Records shown below:

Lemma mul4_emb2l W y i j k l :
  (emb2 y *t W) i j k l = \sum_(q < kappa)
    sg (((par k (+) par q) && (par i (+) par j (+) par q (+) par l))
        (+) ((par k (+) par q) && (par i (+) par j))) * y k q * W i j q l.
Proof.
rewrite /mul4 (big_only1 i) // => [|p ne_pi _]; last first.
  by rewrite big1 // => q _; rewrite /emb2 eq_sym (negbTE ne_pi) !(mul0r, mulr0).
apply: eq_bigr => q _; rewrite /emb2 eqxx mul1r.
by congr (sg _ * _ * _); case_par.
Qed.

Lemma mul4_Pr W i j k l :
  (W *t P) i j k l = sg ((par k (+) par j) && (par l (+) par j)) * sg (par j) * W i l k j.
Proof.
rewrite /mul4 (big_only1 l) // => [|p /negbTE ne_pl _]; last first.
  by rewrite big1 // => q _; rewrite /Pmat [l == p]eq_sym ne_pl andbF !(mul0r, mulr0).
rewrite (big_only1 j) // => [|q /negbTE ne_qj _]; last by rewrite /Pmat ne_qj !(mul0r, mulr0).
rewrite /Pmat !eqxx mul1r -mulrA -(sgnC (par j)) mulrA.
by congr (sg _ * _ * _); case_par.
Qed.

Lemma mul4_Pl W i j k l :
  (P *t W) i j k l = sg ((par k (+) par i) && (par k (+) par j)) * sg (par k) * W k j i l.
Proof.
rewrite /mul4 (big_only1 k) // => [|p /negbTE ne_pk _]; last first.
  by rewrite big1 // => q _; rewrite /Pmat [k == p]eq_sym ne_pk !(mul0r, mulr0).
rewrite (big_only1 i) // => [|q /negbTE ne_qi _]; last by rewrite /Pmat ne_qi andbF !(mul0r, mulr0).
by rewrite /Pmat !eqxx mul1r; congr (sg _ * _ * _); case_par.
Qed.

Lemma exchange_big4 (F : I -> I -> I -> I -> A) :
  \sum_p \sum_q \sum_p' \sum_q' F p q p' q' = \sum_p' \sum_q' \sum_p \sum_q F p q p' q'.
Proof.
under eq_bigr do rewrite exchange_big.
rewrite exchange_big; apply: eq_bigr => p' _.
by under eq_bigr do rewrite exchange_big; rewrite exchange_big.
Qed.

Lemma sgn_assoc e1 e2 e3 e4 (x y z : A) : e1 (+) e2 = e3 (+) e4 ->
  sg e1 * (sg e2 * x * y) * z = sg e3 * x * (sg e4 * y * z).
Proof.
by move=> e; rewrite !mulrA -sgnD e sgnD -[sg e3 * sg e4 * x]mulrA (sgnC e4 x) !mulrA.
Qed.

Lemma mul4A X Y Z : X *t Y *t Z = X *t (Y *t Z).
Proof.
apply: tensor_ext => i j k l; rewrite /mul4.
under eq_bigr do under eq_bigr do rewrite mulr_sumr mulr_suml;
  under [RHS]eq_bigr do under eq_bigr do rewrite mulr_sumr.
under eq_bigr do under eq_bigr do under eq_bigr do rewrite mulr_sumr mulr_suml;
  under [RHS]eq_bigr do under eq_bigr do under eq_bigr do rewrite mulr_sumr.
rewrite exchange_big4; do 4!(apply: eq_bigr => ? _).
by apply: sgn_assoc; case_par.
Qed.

End of Records shown.

### Assignment
Print only the lines that run from the start of the listing to the line bearing "rewrite /mul4 (big_only1 i)"; please keep the first line and that last one, exactly as they appear.

### Task solution
Lemma mul4_emb2l W y i j k l :
  (emb2 y *t W) i j k l = \sum_(q < kappa)
    sg (((par k (+) par q) && (par i (+) par j (+) par q (+) par l))
        (+) ((par k (+) par q) && (par i (+) par j))) * y k q * W i j q l.
Proof.
rewrite /mul4 (big_only1 i) // => [|p ne_pi _]; last first.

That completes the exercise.